[Dataset entries]
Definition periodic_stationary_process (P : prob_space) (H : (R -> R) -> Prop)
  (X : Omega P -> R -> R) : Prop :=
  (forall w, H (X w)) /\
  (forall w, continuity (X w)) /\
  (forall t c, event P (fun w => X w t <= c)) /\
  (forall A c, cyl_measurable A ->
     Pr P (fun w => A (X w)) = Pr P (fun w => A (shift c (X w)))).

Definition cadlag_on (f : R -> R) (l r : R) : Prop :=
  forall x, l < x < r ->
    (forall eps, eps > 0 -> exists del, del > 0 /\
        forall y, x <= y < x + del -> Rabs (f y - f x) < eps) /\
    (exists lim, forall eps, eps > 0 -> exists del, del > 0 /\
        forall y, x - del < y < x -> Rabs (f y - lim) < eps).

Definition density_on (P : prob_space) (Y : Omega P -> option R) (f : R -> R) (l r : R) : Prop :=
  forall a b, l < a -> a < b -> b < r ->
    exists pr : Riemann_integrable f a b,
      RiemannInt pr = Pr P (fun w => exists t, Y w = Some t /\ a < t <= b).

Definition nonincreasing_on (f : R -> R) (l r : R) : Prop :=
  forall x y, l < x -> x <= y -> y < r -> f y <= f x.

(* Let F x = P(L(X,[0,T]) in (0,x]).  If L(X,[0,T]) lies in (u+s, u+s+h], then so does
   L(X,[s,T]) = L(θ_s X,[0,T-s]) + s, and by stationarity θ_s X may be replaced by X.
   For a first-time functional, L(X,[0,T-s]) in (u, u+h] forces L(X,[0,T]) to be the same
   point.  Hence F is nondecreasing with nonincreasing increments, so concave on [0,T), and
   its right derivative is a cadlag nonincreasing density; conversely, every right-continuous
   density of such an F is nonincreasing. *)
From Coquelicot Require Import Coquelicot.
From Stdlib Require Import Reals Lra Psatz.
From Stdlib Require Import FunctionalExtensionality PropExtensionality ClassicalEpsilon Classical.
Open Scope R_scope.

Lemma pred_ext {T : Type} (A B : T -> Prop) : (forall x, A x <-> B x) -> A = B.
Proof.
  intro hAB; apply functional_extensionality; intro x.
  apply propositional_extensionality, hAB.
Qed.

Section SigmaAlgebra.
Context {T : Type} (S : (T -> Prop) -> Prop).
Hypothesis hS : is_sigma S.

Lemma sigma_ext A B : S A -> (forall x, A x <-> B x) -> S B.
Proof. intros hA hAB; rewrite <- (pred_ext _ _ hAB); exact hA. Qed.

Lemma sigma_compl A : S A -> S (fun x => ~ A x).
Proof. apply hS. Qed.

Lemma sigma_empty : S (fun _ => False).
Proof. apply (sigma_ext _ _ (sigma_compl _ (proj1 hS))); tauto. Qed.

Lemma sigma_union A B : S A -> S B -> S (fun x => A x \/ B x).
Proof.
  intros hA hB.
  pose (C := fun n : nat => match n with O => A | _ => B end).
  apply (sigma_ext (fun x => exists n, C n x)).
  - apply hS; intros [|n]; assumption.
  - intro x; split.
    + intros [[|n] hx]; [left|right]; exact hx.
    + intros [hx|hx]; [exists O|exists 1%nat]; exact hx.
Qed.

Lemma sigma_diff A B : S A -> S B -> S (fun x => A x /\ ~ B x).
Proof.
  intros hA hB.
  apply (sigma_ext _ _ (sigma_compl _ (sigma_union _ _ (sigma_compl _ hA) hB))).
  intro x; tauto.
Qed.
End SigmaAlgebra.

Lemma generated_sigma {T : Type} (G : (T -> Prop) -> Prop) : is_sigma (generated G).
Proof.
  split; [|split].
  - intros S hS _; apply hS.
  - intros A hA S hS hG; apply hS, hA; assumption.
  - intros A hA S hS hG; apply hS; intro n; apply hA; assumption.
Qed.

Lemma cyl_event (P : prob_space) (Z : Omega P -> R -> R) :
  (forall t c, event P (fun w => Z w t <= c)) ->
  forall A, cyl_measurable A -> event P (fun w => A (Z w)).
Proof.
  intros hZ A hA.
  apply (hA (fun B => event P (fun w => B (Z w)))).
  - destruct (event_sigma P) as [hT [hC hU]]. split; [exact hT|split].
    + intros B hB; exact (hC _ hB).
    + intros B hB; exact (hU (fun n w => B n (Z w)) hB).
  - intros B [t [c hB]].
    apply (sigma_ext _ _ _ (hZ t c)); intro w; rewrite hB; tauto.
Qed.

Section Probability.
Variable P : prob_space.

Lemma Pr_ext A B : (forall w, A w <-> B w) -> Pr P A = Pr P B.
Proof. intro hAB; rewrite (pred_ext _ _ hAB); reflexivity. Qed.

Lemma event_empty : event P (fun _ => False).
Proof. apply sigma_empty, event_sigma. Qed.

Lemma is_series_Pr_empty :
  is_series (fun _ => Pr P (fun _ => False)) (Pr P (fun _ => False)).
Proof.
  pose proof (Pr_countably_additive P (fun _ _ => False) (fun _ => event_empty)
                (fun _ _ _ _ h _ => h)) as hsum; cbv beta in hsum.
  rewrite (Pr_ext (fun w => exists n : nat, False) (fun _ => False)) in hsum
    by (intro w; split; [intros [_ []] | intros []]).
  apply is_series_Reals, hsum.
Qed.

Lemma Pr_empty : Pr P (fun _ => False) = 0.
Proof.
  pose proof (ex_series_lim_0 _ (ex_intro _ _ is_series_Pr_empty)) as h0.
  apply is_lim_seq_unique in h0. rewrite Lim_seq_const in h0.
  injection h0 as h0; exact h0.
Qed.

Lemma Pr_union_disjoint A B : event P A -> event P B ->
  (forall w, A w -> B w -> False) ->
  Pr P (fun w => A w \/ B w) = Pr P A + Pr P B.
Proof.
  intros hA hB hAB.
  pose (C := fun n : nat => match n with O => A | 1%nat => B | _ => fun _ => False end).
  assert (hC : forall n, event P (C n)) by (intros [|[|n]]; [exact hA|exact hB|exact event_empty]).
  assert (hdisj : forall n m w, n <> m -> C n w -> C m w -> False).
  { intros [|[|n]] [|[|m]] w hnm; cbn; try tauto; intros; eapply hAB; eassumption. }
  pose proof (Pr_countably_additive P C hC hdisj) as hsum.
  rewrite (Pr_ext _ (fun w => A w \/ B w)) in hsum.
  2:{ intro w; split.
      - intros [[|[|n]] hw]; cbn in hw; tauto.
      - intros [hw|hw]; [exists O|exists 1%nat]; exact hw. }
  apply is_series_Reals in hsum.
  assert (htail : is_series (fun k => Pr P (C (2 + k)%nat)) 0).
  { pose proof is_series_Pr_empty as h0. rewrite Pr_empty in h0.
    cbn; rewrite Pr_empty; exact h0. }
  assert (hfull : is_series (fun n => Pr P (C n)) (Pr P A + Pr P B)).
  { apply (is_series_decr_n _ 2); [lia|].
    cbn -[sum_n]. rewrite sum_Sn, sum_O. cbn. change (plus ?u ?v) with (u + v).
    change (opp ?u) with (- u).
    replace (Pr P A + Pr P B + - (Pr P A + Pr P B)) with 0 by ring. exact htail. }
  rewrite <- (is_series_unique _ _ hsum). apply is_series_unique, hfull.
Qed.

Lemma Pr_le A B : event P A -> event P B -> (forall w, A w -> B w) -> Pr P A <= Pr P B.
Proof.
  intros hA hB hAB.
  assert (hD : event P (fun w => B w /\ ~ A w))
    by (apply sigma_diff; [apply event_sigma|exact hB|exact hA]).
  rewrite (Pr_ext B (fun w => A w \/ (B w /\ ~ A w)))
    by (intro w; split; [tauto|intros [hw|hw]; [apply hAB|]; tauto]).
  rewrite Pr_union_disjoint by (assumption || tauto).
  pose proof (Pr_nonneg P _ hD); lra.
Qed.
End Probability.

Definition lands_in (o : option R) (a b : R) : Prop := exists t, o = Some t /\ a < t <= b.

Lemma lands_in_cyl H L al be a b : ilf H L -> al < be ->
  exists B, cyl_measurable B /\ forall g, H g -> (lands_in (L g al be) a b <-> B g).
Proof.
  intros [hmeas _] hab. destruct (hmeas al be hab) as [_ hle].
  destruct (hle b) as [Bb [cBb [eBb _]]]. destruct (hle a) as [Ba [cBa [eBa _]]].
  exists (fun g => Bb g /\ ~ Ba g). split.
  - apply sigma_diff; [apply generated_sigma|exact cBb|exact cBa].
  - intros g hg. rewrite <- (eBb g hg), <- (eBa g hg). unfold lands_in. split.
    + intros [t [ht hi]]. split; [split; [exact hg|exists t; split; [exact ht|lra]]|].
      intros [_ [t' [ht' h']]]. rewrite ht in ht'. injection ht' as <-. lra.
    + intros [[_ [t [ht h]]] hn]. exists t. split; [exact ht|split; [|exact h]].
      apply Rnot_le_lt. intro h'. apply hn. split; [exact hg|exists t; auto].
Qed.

** Task to complete **
Above are the entries. Output exactly the lines beginning with the line that has "apply is_series_Reals in hsum." and ending with the line that has "End Probability.".

** Response to this task **
  apply is_series_Reals in hsum.
  assert (htail : is_series (fun k => Pr P (C (2 + k)%nat)) 0).
  { pose proof is_series_Pr_empty as h0. rewrite Pr_empty in h0.
    cbn; rewrite Pr_empty; exact h0. }
  assert (hfull : is_series (fun n => Pr P (C n)) (Pr P A + Pr P B)).
  { apply (is_series_decr_n _ 2); [lia|].
    cbn -[sum_n]. rewrite sum_Sn, sum_O. cbn. change (plus ?u ?v) with (u + v).
    change (opp ?u) with (- u).
    replace (Pr P A + Pr P B + - (Pr P A + Pr P B)) with 0 by ring. exact htail. }
  rewrite <- (is_series_unique _ _ hsum). apply is_series_unique, hfull.
Qed.

Lemma Pr_le A B : event P A -> event P B -> (forall w, A w -> B w) -> Pr P A <= Pr P B.
Proof.
  intros hA hB hAB.
  assert (hD : event P (fun w => B w /\ ~ A w))
    by (apply sigma_diff; [apply event_sigma|exact hB|exact hA]).
  rewrite (Pr_ext B (fun w => A w \/ (B w /\ ~ A w)))
    by (intro w; split; [tauto|intros [hw|hw]; [apply hAB|]; tauto]).
  rewrite Pr_union_disjoint by (assumption || tauto).
  pose proof (Pr_nonneg P _ hD); lra.
Qed.
End Probability.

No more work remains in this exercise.